[Exercise objective]: Every line of the entries below that mentions "Unset" is to be copied out.

[Data in this exercise]:
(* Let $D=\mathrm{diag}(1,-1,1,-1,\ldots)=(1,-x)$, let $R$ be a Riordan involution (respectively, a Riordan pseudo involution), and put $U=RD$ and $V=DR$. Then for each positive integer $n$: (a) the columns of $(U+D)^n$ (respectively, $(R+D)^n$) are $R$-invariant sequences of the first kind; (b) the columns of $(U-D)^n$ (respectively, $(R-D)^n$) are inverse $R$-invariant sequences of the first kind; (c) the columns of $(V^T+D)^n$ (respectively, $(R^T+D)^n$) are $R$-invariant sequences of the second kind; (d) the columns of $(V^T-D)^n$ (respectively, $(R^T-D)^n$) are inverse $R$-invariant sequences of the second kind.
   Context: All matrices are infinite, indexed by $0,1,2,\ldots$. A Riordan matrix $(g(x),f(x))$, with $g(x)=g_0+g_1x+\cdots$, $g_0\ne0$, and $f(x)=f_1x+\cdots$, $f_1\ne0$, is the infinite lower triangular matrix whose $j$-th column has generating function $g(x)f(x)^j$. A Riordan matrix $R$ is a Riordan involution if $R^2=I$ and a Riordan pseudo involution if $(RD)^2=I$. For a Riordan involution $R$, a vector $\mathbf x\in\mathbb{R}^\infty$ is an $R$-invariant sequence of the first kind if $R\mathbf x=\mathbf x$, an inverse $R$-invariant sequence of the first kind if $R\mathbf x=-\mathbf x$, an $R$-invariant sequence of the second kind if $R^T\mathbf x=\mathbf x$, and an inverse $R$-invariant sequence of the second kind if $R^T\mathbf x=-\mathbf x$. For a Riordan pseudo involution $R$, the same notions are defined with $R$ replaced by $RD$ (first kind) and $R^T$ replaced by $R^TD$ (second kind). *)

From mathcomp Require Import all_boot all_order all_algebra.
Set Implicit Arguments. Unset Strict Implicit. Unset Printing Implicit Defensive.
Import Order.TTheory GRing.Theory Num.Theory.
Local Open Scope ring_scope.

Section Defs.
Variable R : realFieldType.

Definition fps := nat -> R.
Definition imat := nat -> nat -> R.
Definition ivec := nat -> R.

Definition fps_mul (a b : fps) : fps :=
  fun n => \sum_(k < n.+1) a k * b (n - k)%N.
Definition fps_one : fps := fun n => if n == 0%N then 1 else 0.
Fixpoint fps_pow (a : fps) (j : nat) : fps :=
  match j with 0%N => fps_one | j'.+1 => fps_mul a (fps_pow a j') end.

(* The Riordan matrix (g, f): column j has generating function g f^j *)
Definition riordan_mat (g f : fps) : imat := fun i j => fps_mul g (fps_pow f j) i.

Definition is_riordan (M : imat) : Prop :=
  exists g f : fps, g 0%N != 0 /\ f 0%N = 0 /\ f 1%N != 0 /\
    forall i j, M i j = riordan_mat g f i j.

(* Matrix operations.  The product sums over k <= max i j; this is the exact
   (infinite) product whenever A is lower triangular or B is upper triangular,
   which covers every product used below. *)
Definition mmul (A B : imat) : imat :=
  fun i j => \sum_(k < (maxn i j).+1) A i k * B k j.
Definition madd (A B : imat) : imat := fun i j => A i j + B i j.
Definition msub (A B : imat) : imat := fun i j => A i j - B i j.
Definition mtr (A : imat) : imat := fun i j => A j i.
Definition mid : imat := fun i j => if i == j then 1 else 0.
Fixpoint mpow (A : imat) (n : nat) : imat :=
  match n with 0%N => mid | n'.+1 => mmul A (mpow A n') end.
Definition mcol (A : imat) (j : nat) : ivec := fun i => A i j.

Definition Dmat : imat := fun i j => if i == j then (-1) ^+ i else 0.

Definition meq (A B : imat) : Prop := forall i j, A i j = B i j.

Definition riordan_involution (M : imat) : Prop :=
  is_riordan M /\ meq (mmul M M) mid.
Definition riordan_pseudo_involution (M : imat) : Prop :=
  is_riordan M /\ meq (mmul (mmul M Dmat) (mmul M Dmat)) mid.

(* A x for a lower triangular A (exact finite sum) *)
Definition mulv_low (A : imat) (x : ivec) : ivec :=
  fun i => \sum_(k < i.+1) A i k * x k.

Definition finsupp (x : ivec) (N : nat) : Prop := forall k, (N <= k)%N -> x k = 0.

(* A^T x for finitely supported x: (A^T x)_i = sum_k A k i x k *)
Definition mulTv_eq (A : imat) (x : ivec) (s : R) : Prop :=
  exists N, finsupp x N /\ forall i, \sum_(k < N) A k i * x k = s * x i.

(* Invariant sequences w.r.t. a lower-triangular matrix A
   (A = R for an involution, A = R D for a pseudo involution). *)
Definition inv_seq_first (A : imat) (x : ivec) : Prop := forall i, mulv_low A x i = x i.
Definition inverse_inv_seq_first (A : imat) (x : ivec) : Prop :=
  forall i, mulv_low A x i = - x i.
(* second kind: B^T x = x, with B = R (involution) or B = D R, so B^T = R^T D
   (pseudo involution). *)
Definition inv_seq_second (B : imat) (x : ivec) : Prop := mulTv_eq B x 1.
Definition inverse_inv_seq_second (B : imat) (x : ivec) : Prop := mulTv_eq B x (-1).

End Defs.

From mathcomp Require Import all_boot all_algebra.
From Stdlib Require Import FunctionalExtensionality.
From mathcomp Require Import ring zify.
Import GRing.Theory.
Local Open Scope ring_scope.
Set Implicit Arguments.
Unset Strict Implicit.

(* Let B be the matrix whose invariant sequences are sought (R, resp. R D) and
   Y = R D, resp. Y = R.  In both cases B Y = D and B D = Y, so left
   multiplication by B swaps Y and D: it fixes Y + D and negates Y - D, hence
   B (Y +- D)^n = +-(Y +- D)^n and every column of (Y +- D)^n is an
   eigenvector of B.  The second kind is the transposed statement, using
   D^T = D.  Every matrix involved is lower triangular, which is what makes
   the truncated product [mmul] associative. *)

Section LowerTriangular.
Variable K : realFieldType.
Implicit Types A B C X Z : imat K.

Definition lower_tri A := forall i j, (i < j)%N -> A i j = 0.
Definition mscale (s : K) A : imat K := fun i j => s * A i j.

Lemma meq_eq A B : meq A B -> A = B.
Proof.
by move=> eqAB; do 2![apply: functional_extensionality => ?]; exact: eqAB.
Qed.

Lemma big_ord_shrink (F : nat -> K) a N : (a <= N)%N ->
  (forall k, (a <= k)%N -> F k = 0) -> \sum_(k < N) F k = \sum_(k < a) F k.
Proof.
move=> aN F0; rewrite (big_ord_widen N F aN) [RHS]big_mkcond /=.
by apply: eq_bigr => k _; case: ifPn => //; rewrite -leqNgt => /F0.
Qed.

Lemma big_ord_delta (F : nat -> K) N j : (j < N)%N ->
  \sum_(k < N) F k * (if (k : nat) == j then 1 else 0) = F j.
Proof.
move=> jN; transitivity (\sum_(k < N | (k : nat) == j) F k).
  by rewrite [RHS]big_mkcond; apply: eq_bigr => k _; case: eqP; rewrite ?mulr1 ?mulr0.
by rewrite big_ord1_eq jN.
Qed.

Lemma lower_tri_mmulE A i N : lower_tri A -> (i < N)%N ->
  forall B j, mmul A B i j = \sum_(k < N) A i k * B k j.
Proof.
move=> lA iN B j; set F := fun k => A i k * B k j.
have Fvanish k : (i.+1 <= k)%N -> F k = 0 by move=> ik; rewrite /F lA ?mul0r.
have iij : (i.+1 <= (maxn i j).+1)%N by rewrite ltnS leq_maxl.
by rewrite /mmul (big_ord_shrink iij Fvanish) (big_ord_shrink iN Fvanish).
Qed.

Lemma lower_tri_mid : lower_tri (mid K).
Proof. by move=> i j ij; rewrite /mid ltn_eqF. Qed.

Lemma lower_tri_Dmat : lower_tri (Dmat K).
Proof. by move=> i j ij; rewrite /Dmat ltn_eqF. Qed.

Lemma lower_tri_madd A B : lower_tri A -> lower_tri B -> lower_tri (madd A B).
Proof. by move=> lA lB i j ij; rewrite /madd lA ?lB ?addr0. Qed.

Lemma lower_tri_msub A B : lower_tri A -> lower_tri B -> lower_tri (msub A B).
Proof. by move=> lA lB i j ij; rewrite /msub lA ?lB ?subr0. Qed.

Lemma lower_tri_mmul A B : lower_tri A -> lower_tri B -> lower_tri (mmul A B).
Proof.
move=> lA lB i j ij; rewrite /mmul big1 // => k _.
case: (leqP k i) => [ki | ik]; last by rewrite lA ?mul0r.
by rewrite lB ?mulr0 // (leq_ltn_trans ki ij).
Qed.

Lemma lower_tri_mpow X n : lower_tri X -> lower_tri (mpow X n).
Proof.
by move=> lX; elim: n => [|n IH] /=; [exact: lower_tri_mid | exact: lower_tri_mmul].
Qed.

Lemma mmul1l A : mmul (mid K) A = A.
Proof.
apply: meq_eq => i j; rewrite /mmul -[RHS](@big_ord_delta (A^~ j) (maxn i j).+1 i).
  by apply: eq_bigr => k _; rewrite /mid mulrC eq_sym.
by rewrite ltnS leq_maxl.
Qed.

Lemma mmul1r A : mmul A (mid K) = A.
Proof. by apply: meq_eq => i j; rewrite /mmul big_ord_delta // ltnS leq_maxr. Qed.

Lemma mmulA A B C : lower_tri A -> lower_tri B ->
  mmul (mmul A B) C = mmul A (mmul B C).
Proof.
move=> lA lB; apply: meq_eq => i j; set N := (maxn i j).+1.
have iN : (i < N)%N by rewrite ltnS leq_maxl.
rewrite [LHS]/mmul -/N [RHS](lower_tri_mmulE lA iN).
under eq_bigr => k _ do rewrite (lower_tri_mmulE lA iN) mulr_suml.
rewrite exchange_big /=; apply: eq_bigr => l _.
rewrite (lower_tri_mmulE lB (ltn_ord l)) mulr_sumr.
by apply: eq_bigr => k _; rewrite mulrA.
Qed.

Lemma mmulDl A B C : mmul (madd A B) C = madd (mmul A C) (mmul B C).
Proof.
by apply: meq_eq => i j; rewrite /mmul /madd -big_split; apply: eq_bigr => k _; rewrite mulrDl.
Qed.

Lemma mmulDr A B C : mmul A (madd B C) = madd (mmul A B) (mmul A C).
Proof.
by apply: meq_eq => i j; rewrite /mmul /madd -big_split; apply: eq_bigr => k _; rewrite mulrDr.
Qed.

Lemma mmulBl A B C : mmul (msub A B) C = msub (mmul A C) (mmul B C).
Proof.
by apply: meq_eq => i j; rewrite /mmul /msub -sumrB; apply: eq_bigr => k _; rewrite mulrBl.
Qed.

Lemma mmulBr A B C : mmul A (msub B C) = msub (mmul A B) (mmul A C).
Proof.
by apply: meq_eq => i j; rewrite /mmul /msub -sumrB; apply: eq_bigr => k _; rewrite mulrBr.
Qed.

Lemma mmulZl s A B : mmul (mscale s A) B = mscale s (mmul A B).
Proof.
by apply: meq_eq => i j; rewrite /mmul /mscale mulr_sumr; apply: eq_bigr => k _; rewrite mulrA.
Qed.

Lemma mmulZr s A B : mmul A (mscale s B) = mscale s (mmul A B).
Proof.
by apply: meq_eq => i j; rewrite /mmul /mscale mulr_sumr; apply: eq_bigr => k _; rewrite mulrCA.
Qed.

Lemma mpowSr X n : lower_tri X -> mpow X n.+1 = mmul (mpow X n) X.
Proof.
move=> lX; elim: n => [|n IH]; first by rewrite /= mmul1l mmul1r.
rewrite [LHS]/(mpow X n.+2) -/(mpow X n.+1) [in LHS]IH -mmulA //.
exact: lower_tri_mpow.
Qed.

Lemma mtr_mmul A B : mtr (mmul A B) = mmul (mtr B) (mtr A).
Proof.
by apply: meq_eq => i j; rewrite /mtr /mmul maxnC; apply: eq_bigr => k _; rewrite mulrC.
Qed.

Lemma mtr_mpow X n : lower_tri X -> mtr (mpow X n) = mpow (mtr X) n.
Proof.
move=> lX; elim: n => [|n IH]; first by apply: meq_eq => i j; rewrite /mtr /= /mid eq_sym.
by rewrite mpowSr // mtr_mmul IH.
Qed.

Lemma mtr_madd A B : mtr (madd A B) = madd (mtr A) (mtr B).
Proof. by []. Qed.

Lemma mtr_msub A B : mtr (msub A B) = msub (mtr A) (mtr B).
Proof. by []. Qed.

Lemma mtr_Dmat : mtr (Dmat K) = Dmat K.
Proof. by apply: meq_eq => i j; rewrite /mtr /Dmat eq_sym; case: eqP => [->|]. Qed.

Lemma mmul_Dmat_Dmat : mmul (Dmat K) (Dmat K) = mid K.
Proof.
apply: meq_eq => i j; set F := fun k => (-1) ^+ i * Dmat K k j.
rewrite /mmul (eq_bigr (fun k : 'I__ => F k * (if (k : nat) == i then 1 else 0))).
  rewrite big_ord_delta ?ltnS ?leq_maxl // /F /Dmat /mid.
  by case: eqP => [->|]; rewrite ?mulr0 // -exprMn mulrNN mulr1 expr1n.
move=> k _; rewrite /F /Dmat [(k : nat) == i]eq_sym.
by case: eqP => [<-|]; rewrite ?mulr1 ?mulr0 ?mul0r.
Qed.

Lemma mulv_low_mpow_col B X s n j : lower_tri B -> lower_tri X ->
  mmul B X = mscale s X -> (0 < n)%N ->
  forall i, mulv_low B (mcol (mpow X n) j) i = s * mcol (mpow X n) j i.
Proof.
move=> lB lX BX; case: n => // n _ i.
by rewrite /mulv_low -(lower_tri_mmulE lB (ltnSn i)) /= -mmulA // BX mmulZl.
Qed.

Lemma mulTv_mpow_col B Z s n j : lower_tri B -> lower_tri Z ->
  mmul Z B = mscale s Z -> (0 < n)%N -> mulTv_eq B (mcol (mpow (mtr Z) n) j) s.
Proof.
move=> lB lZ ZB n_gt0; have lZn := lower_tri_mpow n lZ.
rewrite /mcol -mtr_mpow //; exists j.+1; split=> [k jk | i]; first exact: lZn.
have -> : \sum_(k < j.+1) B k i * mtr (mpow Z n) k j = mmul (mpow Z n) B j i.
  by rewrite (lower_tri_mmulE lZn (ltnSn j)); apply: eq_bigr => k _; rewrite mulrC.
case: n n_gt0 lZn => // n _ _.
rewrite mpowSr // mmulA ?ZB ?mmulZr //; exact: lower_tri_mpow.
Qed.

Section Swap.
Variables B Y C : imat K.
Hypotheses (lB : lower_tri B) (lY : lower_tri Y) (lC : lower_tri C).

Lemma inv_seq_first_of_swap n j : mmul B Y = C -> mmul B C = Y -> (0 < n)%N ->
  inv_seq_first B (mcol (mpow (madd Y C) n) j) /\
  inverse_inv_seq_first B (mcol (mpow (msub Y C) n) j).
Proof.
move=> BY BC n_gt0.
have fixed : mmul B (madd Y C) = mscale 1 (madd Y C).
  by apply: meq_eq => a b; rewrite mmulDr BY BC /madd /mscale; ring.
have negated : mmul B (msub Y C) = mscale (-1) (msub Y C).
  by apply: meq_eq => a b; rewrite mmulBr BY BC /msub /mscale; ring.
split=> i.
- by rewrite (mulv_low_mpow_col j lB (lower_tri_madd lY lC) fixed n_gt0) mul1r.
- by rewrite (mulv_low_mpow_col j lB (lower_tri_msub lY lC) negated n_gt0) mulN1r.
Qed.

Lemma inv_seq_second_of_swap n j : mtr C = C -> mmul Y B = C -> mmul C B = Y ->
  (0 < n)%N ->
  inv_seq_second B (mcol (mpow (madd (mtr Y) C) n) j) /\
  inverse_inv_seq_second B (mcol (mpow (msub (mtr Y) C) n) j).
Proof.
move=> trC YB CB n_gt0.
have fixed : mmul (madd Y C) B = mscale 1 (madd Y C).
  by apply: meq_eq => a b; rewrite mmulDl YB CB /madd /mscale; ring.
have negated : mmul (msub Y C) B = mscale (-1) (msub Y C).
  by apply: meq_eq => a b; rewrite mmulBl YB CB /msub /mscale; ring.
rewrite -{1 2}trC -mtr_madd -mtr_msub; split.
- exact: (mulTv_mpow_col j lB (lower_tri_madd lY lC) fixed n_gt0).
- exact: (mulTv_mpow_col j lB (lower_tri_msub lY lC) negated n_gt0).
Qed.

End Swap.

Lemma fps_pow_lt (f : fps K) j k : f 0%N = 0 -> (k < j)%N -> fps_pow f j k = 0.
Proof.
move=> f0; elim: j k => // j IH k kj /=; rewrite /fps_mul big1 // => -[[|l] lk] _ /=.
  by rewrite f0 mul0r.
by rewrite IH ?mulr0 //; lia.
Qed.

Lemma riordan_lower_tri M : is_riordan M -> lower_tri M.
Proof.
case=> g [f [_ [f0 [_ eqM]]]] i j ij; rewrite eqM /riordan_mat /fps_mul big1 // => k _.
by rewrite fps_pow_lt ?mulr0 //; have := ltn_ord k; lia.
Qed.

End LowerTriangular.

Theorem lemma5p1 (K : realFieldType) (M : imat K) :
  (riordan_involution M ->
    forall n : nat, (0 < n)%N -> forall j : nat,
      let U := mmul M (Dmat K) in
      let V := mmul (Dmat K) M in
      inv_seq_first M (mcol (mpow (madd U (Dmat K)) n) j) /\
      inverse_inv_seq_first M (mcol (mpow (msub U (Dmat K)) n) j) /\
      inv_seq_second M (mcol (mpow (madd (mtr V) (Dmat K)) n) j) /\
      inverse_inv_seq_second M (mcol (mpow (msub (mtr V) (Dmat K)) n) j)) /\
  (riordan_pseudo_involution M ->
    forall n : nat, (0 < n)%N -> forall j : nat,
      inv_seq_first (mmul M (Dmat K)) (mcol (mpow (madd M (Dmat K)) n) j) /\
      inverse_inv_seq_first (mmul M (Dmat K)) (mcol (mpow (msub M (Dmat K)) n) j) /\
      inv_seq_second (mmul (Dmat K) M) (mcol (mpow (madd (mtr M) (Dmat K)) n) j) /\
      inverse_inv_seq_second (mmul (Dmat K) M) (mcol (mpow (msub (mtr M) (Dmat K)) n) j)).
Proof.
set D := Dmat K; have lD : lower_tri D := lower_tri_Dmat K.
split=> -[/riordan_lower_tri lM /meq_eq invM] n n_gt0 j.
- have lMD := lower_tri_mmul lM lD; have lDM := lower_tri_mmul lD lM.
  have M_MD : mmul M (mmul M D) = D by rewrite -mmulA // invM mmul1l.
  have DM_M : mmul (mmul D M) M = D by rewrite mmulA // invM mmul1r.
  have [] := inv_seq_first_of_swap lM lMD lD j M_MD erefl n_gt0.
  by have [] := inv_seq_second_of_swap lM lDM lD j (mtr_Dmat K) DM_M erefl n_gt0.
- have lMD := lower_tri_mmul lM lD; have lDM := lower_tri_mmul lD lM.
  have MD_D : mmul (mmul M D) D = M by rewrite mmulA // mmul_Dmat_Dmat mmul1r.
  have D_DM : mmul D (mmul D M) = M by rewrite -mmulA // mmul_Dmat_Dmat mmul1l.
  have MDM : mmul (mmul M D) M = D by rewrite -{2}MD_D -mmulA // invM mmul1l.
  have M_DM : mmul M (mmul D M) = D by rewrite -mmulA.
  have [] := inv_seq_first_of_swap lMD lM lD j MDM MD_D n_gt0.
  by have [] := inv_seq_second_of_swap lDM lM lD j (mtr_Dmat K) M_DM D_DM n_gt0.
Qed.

[Exercise solution]:
Set Implicit Arguments. Unset Strict Implicit. Unset Printing Implicit Defensive.
Unset Strict Implicit.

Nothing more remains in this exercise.